Repeat exactly, and only, the lines below starting at the line that contains "have -> : n%:R" and ending at the line that contains "End Vectors.", inclusive of both.
====== INFORMATION SUPPLIED ======
(* Let $X$ be a bounded subset of $\mathbb R^n$. For every $\epsilon>0$ there exists $\delta>0$ such that for every continuous path $\alpha:[0,1]\to X$ with $\mathcal T(\alpha)<\delta$ we have $\operatorname{diam}(\operatorname{Im}(\alpha))\le\epsilon$.
   Context: Let $g:\mathbb R^n\to[-1,1]$ depend only on the first coordinate $x_1$: $g=-1$ if $x_1\le-3$, $\frac12(x_1+1)$ if $-3\le x_1\le-1$, $0$ if $-1\le x_1\le1$, $\frac12(x_1-1)$ if $1\le x_1\le3$, $1$ if $x_1\ge3$. For a pair $(P,Q)$ of distinct parallel hyperplanes let $g_{(P,Q)}=g\circ h_{(P,Q)}$ where $h_{(P,Q)}$ is a composition of a dilation, rotation and translation sending $P$ to $\{x_1=-3\}$ and $Q$ to $\{x_1=3\}$. For continuous $f:[a,b]\to\mathbb R^n$, $o(f,(P,Q))$ is the supremum of $-\sum_{i=1}^k g_{(P,Q)}(f(a_{i-1}))g_{(P,Q)}(f(a_i))$ over finite $a\le a_0\le\dots\le a_k\le b$ (empty sums $=0$). Fixing a countable dense set $\{(P_i,Q_i)\}$ in the separable metric space of pairs of parallel hyperplanes, the total oscillation is $\mathcal T(\alpha)=\sum_{i\ge1}2^{-i}\frac{o(\alpha,(P_i,Q_i))}{1+o(\alpha,(P_i,Q_i))}$. *)

From HB Require Import structures.
From mathcomp Require Import all_boot all_order all_algebra.
From mathcomp Require Import all_classical all_reals all_analysis.
Set Implicit Arguments. Unset Strict Implicit. Unset Printing Implicit Defensive.
Import Order.TTheory GRing.Theory Num.Theory.
Import numFieldNormedType.Exports.
Local Open Scope ring_scope.
Local Open Scope classical_set_scope.

Section Defs.
Variables (R : realType) (n : nat).
Notation vec := 'rV[R]_n.

Definition dotv (u x : vec) : R := \sum_(i < n) u 0 i * x 0 i.
Definition enorm (x : vec) : R := Num.sqrt (dotv x x).

(* The function g, depending only on the first coordinate t = x_1. *)
Definition g1 (t : R) : R :=
  if t <= -3 then -1
  else if t <= -1 then (t + 1) / 2
  else if t <= 1 then 0
  else if t <= 3 then (t - 1) / 2
  else 1.

(* A pair (P,Q) of distinct parallel hyperplanes is represented by (u,a,b):
   P = {x | <u,x> = a}, Q = {x | <u,x> = b}, |u| = 1, a <> b.
   (u,a,b) and (-u,-a,-b) represent the same ordered pair. *)
Definition hpair := (vec * R * R)%type.
Definition valid_pair (p : hpair) : Prop :=
  enorm p.1.1 = 1 /\ p.1.2 <> p.2.

(* g_(P,Q) = g o h_(P,Q): the first coordinate of any similarity h sending
   P to {x_1=-3} and Q to {x_1=3} is -3 + 6(<u,x>-a)/(b-a). *)
Definition gPQ (p : hpair) (x : vec) : R :=
  g1 (-3 + 6 * (dotv p.1.1 x - p.1.2) / (p.2 - p.1.2)).

Definition osc_sum (p : hpair) (f : R -> vec) (s : seq R) : R :=
  - \sum_(i < (size s).-1) gPQ p (f (nth 0 s i)) * gPQ p (f (nth 0 s i.+1)).

Definition osc (a b : R) (f : R -> vec) (p : hpair) : \bar R :=
  ereal_sup [set (osc_sum p f s)%:E | s in
     [set s : seq R | sorted <=%R s /\ all (fun t => (a <= t) && (t <= b)) s]].

Definition osc_ratio (o : \bar R) : R :=
  if o == +oo%E then 1 else fine o / (1 + fine o).

(* Total oscillation; the dense family is indexed from 0, so the weight of
   the i-th member (paper's index i+1) is 2^-(i+1). *)
Definition total_osc (H : nat -> hpair) (a b : R) (f : R -> vec) : \bar R :=
  (\sum_(0 <= i <oo) ((2%:R ^- i.+1) * osc_ratio (osc a b f (H i)))%:E)%E.

(* Density of a family of pairs in the space of pairs of parallel
   hyperplanes (topology of convergence of the pair, up to the sign of the
   representation). *)
Definition dense_pairs (H : nat -> hpair) : Prop :=
  forall p : hpair, valid_pair p -> forall e : R, 0 < e ->
    exists i : nat, exists sg : bool,
      let c : R := (-1) ^+ sg in
      enorm (p.1.1 - c *: (H i).1.1) < e /\
      `|p.1.2 - c * (H i).1.2| < e /\ `|p.2 - c * (H i).2| < e.

End Defs.

From HB Require Import structures.
From mathcomp Require Import all_boot all_order all_algebra.
From mathcomp Require Import all_classical all_reals all_analysis.
From mathcomp Require Import ring lra.
Import Order.TTheory GRing.Theory Num.Theory.
Import numFieldNormedType.Exports.
Local Open Scope ring_scope.
Local Open Scope classical_set_scope.
Set Implicit Arguments. Unset Strict Implicit. Unset Printing Implicit Defensive.

(** If two points of the path differ by more than d in some coordinate x_j,
  then a thin slab {a <= x_j <= b} of width d/4 lies strictly between them;
  any pair of hyperplanes close enough to the two faces of the slab gives
  g = -1 at one point and g = +1 at the other, so the two-point partition
  already forces an oscillation >= 1 for that pair.  Since X is bounded,
  finitely many slabs suffice, and by density each of them is approximated
  by some (P_i, Q_i) with i below a fixed bound N; the total oscillation of
  the path is then at least 2^-(N+1)/2. *)

Section Vectors.
Variables (R : realType) (n : nat).
Notation vec := 'rV[R]_n.

Lemma coord_le_mx_norm (x : vec) (i : 'I_n) : `|x 0 i| <= `|x|.
Proof.
have := le_bigmax 0 (fun ij : 'I_1 * 'I_n => `|x ij.1 ij.2|) (0, i).
by rewrite -mx_normrE.
Qed.

Lemma coord_le_enorm (x : vec) (j : 'I_n) : `|x 0 j| <= enorm x.
Proof.
rewrite /enorm -sqrtr_sqr; apply: ler_wsqrtr.
rewrite /dotv (bigD1 j) //= expr2 lerDl; apply: sumr_ge0 => i _.
by rewrite -expr2 sqr_ge0.
Qed.

Lemma enorm_le_coord (x : vec) (d : R) : 0 <= d ->
  (forall j, `|x 0 j| <= d) -> enorm x <= n%:R * d.
Proof.
move=> d0 hx; rewrite /enorm.
have -> : n%:R * d = Num.sqrt ((n%:R * d) ^+ 2).
  by rewrite sqrtr_sqr ger0_norm // mulr_ge0.
apply: ler_wsqrtr; apply: (@le_trans _ _ (\sum_(i < n) d ^+ 2)).
  apply: ler_sum => i _; rewrite -expr2 -real_normK ?num_real //.
  by rewrite lerXn2r // ?nnegrE.
rewrite sumr_const card_ord -[d ^+ 2 *+ n]mulr_natl exprMn.
apply: ler_wpM2r; first exact: sqr_ge0.
case: n => [|m]; first by rewrite expr0n.
by rewrite expr2 ler_peMl // ler1n.
Qed.

Lemma exists_coord_gt (x : vec) (d : R) : 0 <= d -> n%:R * d < enorm x ->
  exists j, d < `|x 0 j|.
Proof.
move=> d0 hx; have [j hj|hnone] := pickP (fun j => d < `|x 0 j|).
  by exists j.
suff : enorm x <= n%:R * d by rewrite leNgt hx.
by apply: enorm_le_coord => // j; rewrite leNgt hnone.
Qed.

Lemma dotvZ (c : R) (u x : vec) : dotv (c *: u) x = c * dotv u x.
Proof. by rewrite /dotv mulr_sumr; apply: eq_bigr => i _; rewrite mxE mulrA. Qed.

Lemma dotvB (u v x : vec) : dotv (u - v) x = dotv u x - dotv v x.
Proof. by rewrite /dotv -sumrB; apply: eq_bigr => i _; rewrite !mxE mulrBl. Qed.

Lemma dotv_delta (j : 'I_n) (x : vec) : dotv (delta_mx 0 j) x = x 0 j.
Proof.
rewrite /dotv (bigD1 j) //= big1 ?addr0; first by rewrite mxE !eqxx mul1r.
by move=> i /negbTE hij; rewrite mxE hij andbF mul0r.
Qed.

Lemma enorm_delta (j : 'I_n) : enorm (delta_mx 0 j : vec) = 1.
Proof. by rewrite /enorm dotv_delta mxE !eqxx sqrtr1. Qed.

Lemma dotv_near_delta (j : 'I_n) (u x : vec) (e M : R) :
  enorm (delta_mx 0 j - u) < e -> (forall i, `|x 0 i| <= M) ->
  `|dotv u x - x 0 j| <= n%:R * e * M.
Proof.
move=> hu hx; rewrite -dotv_delta -dotvB /dotv.
apply: (le_trans (ler_norm_sum _ _ _)).
apply: (@le_trans _ _ (\sum_(i < n) e * M)).
  apply: ler_sum => i _; rewrite normrM; apply: ler_pM => //.
  rewrite -[u - _]opprB mxE normrN.
  exact: le_trans (coord_le_enorm _ i) (ltW hu).
by rewrite sumr_const card_ord -[e * M *+ n]mulr_natl mulrA.
Qed.

End Vectors.

Lemma bounded_set_coord (R : realType) (n : nat) (X : set 'rV[R]_n) :
  bounded_set X ->
  exists2 M, 0 <= M & forall x, X x -> forall i, `|x 0 i| <= M.
Proof.
case=> M0 [_ hM0]; exists (`|M0| + 1); first by rewrite addr_ge0.
move=> x Xx i; apply: le_trans (coord_le_mx_norm x i) _.
by apply: hM0 Xx; have := ler_norm M0; lra.
Qed.

Lemma finite_choice_bound (T : finType) (P : T -> nat -> Prop) :
  (forall t, exists i, P t i) -> exists N, forall t, exists2 i, (i <= N)%N & P t i.
Proof.
move=> hP; have [f hf] := choice hP.
by exists (\max_t f t) => t; exists (f t); [exact: leq_bigmax | exact: hf].
Qed.

Section Slabs.
Variables (R : realType) (n : nat).
Notation vec := 'rV[R]_n.

Lemma g1_eqN1 (t : R) : t <= -3 -> g1 t = -1.
Proof. by move=> h; rewrite /g1 h. Qed.

Lemma g1_eq1 (t : R) : 3 <= t -> g1 t = 1.
Proof.
move=> h; rewrite /g1.
have -> : (t <= -3) = false by apply/negbTE; rewrite -ltNge; lra.
have -> : (t <= -1) = false by apply/negbTE; rewrite -ltNge; lra.
have -> : (t <= 1) = false by apply/negbTE; rewrite -ltNge; lra.
case: ifP => // h3; have -> : t = 3 by lra.
lra.
Qed.

Lemma g1_affine_below (u a b : R) : a < b -> u <= a ->
  g1 (-3 + 6 * (u - a) / (b - a)) = -1.
Proof.
move=> hab hu; apply: g1_eqN1.
have : 0 < (b - a)^-1 by rewrite invr_gt0 subr_gt0.
set q := (b - a)^-1 => hq.
have : u - a <= 0 by lra.
nra.
Qed.

Lemma g1_affine_above (u a b : R) : a < b -> b <= u ->
  g1 (-3 + 6 * (u - a) / (b - a)) = 1.
Proof.
move=> hab hu; apply: g1_eq1.
have hq : (b - a) / (b - a) = 1 by rewrite divff // subr_eq0 gt_eqF.
have : 0 < (b - a)^-1 by rewrite invr_gt0 subr_gt0.
move: hq; set q := (b - a)^-1 => hq q0.
have : (b - a) * q <= (u - a) * q by rewrite ler_pM2r //; lra.
rewrite -mulrA; nra.
Qed.

Lemma gPQ_scale (p : hpair R n) (c : R) (x : vec) : c != 0 ->
  gPQ p x = g1 (-3 + 6 * (dotv (c *: p.1.1) x - c * p.1.2)
                  / (c * p.2 - c * p.1.2)).
Proof.
move=> c0; rewrite /gPQ dotvZ -!mulrBr invfM.
congr g1; congr (_ + _); rewrite !mulrA; congr (_ * _).
by rewrite mulrAC mulfK.
Qed.

Definition approx_pair (e : R) (q p : hpair R n) : Prop :=
  exists sg : bool, let c : R := (-1) ^+ sg in
    enorm (q.1.1 - c *: p.1.1) < e /\
    `|q.1.2 - c * p.1.2| < e /\ `|q.2 - c * p.2| < e.

Lemma approx_slab_separates (p : hpair R n) (j : 'I_n) (a b e M : R)
    (x y : vec) :
  approx_pair e (delta_mx 0 j, a, b) p ->
  (forall i, `|x 0 i| <= M) -> (forall i, `|y 0 i| <= M) ->
  x 0 j + (n%:R * e * M + e) <= a -> 2 * e <= b - a ->
  b + (n%:R * e * M + e) <= y 0 j ->
  gPQ p x = -1 /\ gPQ p y = 1.
Proof.
case=> sg /= [hu [ha hb]] hx hy hxa hab hyb.
have c0 : (-1) ^+ sg != 0 :> R by rewrite signr_eq0.
rewrite !(gPQ_scale _ _ c0).
have := dotv_near_delta hu hx; have := dotv_near_delta hu hy.
move: ha hb; rewrite !ltr_norml !ler_norml.
move=> /andP[? ?] /andP[? ?] /andP[? ?] /andP[? ?].
by split; [apply: g1_affine_below | apply: g1_affine_above]; lra.
Qed.

Section Separation.
Variable H : nat -> hpair R n.
Hypothesis Hdense : dense_pairs H.

Lemma exists_index_separating (M d : R) : 0 <= M -> 0 < d ->
  exists N, forall x y : vec,
    (forall i, `|x 0 i| <= M) -> (forall i, `|y 0 i| <= M) ->
    forall j, d < y 0 j - x 0 j ->
    exists2 i, (i <= N)%N & gPQ (H i) x = -1 /\ gPQ (H i) y = 1.
Proof.
move=> M0 d0; pose w := d / 4; pose e := w / (4 * (n%:R * M + 1)).
have w0 : 0 < w by rewrite divr_gt0.
have dw : d = 4 * w by rewrite /w mulrC divfK.
have n0 : 0 <= n%:R :> R by [].
have e0 : 0 < e by rewrite divr_gt0 //; nra.
have err : n%:R * e * M + e = w / 4.
  by rewrite /e; field; apply: lt0r_neq0; nra.
pose K := (Num.truncn (2 * M / w)).+3.
pose slab (j : 'I_n) (k : nat) : hpair R n :=
  (delta_mx 0 j, -M + k%:R * w, -M + k%:R * w + w).
have slab_valid j k : valid_pair (slab j k).
  by split; [exact: enorm_delta | move=> /= h; lra].
have slab_approx (jk : 'I_n * 'I_K) : exists i, approx_pair e (slab jk.1 jk.2) (H i).
  exact: Hdense (slab_valid jk.1 jk.2) e e0.
have [N hN] := finite_choice_bound slab_approx.
exists N => x y hx hy j hxy.
have /andP[xM Mx] : -M <= x 0 j <= M by rewrite -ler_norml.
have t0 : 0 <= (x 0 j + M) / w by rewrite divr_ge0 //; lra.
pose t := Num.truncn ((x 0 j + M) / w).
have /andP[ht1 ht2] := truncn_itv t0; rewrite -/t in ht1 ht2.
have tK : (t.+2 < K)%N.
  rewrite /K ltnS ltnS -(ltr_nat R); apply: le_lt_trans (truncnS_gt _).
  by apply: le_trans ht1 _; rewrite ler_pM2r ?invr_gt0 //; lra.
have {ht1}tx : t%:R * w <= x 0 j + M by rewrite -ler_pdivlMr.
have {ht2}xt : x 0 j + M < t%:R * w + w.
  by move: ht2; rewrite ltr_pdivrMr // -[t.+1]addn1 natrD mulrDl mul1r.
(* The slab number t+2 lies at least w above x_j and, as y_j > x_j + 4w, at
   least w below y_j. *)
have [i iN hi] := hN (j, Ordinal tK).
have neM : 0 <= n%:R * e * M by rewrite mulr_ge0 // mulr_ge0 // ltW.
have t2 : t.+2%:R * w = t%:R * w + 2 * w by rewrite -[t.+2]addn2 natrD mulrDl.
exists i => //; apply: (approx_slab_separates hi hx hy); rewrite /= ?t2 ?err; lra.
Qed.

Lemma exists_index_sign_change (M d : R) : 0 <= M -> 0 < d ->
  exists N, forall x y : vec,
    (forall i, `|x 0 i| <= M) -> (forall i, `|y 0 i| <= M) ->
    forall j, d < `|x 0 j - y 0 j| ->
    exists2 i, (i <= N)%N & gPQ (H i) x * gPQ (H i) y = -1.
Proof.
move=> M0 d0; have [N hN] := exists_index_separating M0 d0.
exists N => x y hx hy j; rewrite ltr_normr => /orP[] hxy.
  have [i iN [gy gx]] := hN _ _ hy hx j hxy.
  by exists i; rewrite // gx gy mul1r.
rewrite opprB in hxy; have [i iN [gx gy]] := hN _ _ hx hy j hxy.
by exists i; rewrite // gx gy mulr1.
Qed.

End Separation.
End Slabs.

Section Oscillation.
Variables (R : realType) (n : nat) (a b : R) (f : R -> 'rV[R]_n).

Lemma osc_ge0 (p : hpair R n) : (0 <= osc a b f p)%E.
Proof.
apply: ereal_sup_ubound; exists [::] => //=.
by rewrite /osc_sum big_ord0 oppr0.
Qed.

Lemma osc_ge1_sign_change (p : hpair R n) (s t : R) :
  a <= s <= b -> a <= t <= b -> gPQ p (f s) * gPQ p (f t) = -1 ->
  (1 <= osc a b f p)%E.
Proof.
move=> hs ht hg; apply: ereal_sup_ubound.
have [hst|hts] := leP s t.
  exists [:: s; t]; first by split; rewrite /= ?hst ?hs ?ht.
  by rewrite /osc_sum /= big_ord1 /= hg opprK.
exists [:: t; s]; first by split; rewrite /= ?(ltW hts) ?hs ?ht.
by rewrite /osc_sum /= big_ord1 /= mulrC hg opprK.
Qed.

Lemma osc_ratio_ge0 (o : \bar R) : (0 <= o)%E -> 0 <= osc_ratio o.
Proof.
rewrite /osc_ratio; case: o => [r| |] //= h.
by rewrite lee_fin in h; rewrite divr_ge0 //; lra.
Qed.

Lemma osc_ratio_ge_half (o : \bar R) : (1 <= o)%E -> 2^-1 <= osc_ratio o.
Proof.
rewrite /osc_ratio; case: o => [r| |] //= h; last lra.
rewrite lee_fin in h; rewrite ler_pdivlMr; last lra.
by rewrite mulrC ler_pdivrMr; lra.
Qed.

Lemma total_osc_ge_term (H : nat -> hpair R n) (i : nat) :
  ((2%:R ^- i.+1 * osc_ratio (osc a b f (H i)))%:E <= total_osc H a b f)%E.
Proof.
have term_ge0 k : (0 <= (2%:R ^- k.+1 * osc_ratio (osc a b f (H k)))%:E)%E.
  by rewrite lee_fin mulr_ge0 // osc_ratio_ge0 // osc_ge0.
apply: le_trans (nneseries_lim_ge i.+1 (fun k _ _ => term_ge0 k)).
by rewrite big_nat_recr //=; apply: leeDr; exact: sume_ge0.
Qed.

Lemma total_osc_ge_sign_change (H : nat -> hpair R n) (i : nat) (s t : R) :
  a <= s <= b -> a <= t <= b -> gPQ (H i) (f s) * gPQ (H i) (f t) = -1 ->
  ((2%:R ^- i.+1 / 2)%:E <= total_osc H a b f)%E.
Proof.
move=> hs ht hg; apply: le_trans (total_osc_ge_term H i); rewrite lee_fin.
apply: ler_wpM2l; first by rewrite invr_ge0 exprn_ge0.
exact/osc_ratio_ge_half/(osc_ge1_sign_change hs ht hg).
Qed.

End Oscillation.

Theorem lemma3p15 (R : realType) (n : nat) (H : nat -> hpair R n)
  (Hvalid : forall i, valid_pair (H i)) (Hdense : dense_pairs H)
  (X : set 'rV[R]_n) (HX : bounded_set X) :
  forall eps : R, 0 < eps -> exists2 delta : R, 0 < delta &
    forall alpha : R -> 'rV[R]_n,
      {within `[0%R, 1%R], continuous alpha} ->
      (forall t, 0 <= t <= 1 -> X (alpha t)) ->
      (total_osc H 0 1 alpha < delta%:E)%E ->
      forall s t, 0 <= s <= 1 -> 0 <= t <= 1 ->
        enorm (alpha s - alpha t) <= eps.
Proof.
move=> eps eps0; have [M M0 XM] := bounded_set_coord HX.
pose d := eps / (n%:R + 1).
have d0 : 0 < d by rewrite divr_gt0 // ltr_wpDl.
have nd : n%:R * d < eps.
  have deps : d * (n%:R + 1) = eps by rewrite /d divfK // lt0r_neq0 // ltr_wpDl.
  nra.
have [N hN] := exists_index_sign_change Hdense M0 d0.
exists (2%:R ^- N.+1 / 2); first by rewrite divr_gt0 // invr_gt0 exprn_gt0.
move=> alpha _ Xalpha small s t hs ht; rewrite leNgt; apply/negP => far.
have [j] := exists_coord_gt (ltW d0) (lt_trans nd far).
have -> : (alpha s - alpha t) 0 j = alpha s 0 j - alpha t 0 j by rewrite !mxE.
move=> hj.
have [i iN hi] := hN _ _ (XM _ (Xalpha s hs)) (XM _ (Xalpha t ht)) j hj.
have := total_osc_ge_sign_change hs ht hi; apply/negP; rewrite -ltNge.
apply: lt_le_trans small _; rewrite lee_fin ler_pM2r // -!exprVn.
by apply: ler_wiXn2l => //; lra.
Qed.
======
> [EXPECTED ANSWER]:
have -> : n%:R * d = Num.sqrt ((n%:R * d) ^+ 2).
  by rewrite sqrtr_sqr ger0_norm // mulr_ge0.
apply: ler_wsqrtr; apply: (@le_trans _ _ (\sum_(i < n) d ^+ 2)).
  apply: ler_sum => i _; rewrite -expr2 -real_normK ?num_real //.
  by rewrite lerXn2r // ?nnegrE.
rewrite sumr_const card_ord -[d ^+ 2 *+ n]mulr_natl exprMn.
apply: ler_wpM2r; first exact: sqr_ge0.
case: n => [|m]; first by rewrite expr0n.
by rewrite expr2 ler_peMl // ler1n.
Qed.

Lemma exists_coord_gt (x : vec) (d : R) : 0 <= d -> n%:R * d < enorm x ->
  exists j, d < `|x 0 j|.
Proof.
move=> d0 hx; have [j hj|hnone] := pickP (fun j => d < `|x 0 j|).
  by exists j.
suff : enorm x <= n%:R * d by rewrite leNgt hx.
by apply: enorm_le_coord => // j; rewrite leNgt hnone.
Qed.

Lemma dotvZ (c : R) (u x : vec) : dotv (c *: u) x = c * dotv u x.
Proof. by rewrite /dotv mulr_sumr; apply: eq_bigr => i _; rewrite mxE mulrA. Qed.

Lemma dotvB (u v x : vec) : dotv (u - v) x = dotv u x - dotv v x.
Proof. by rewrite /dotv -sumrB; apply: eq_bigr => i _; rewrite !mxE mulrBl. Qed.

Lemma dotv_delta (j : 'I_n) (x : vec) : dotv (delta_mx 0 j) x = x 0 j.
Proof.
rewrite /dotv (bigD1 j) //= big1 ?addr0; first by rewrite mxE !eqxx mul1r.
by move=> i /negbTE hij; rewrite mxE hij andbF mul0r.
Qed.

Lemma enorm_delta (j : 'I_n) : enorm (delta_mx 0 j : vec) = 1.
Proof. by rewrite /enorm dotv_delta mxE !eqxx sqrtr1. Qed.

Lemma dotv_near_delta (j : 'I_n) (u x : vec) (e M : R) :
  enorm (delta_mx 0 j - u) < e -> (forall i, `|x 0 i| <= M) ->
  `|dotv u x - x 0 j| <= n%:R * e * M.
Proof.
move=> hu hx; rewrite -dotv_delta -dotvB /dotv.
apply: (le_trans (ler_norm_sum _ _ _)).
apply: (@le_trans _ _ (\sum_(i < n) e * M)).
  apply: ler_sum => i _; rewrite normrM; apply: ler_pM => //.
  rewrite -[u - _]opprB mxE normrN.
  exact: le_trans (coord_le_enorm _ i) (ltW hu).
by rewrite sumr_const card_ord -[e * M *+ n]mulr_natl mulrA.
Qed.

End Vectors.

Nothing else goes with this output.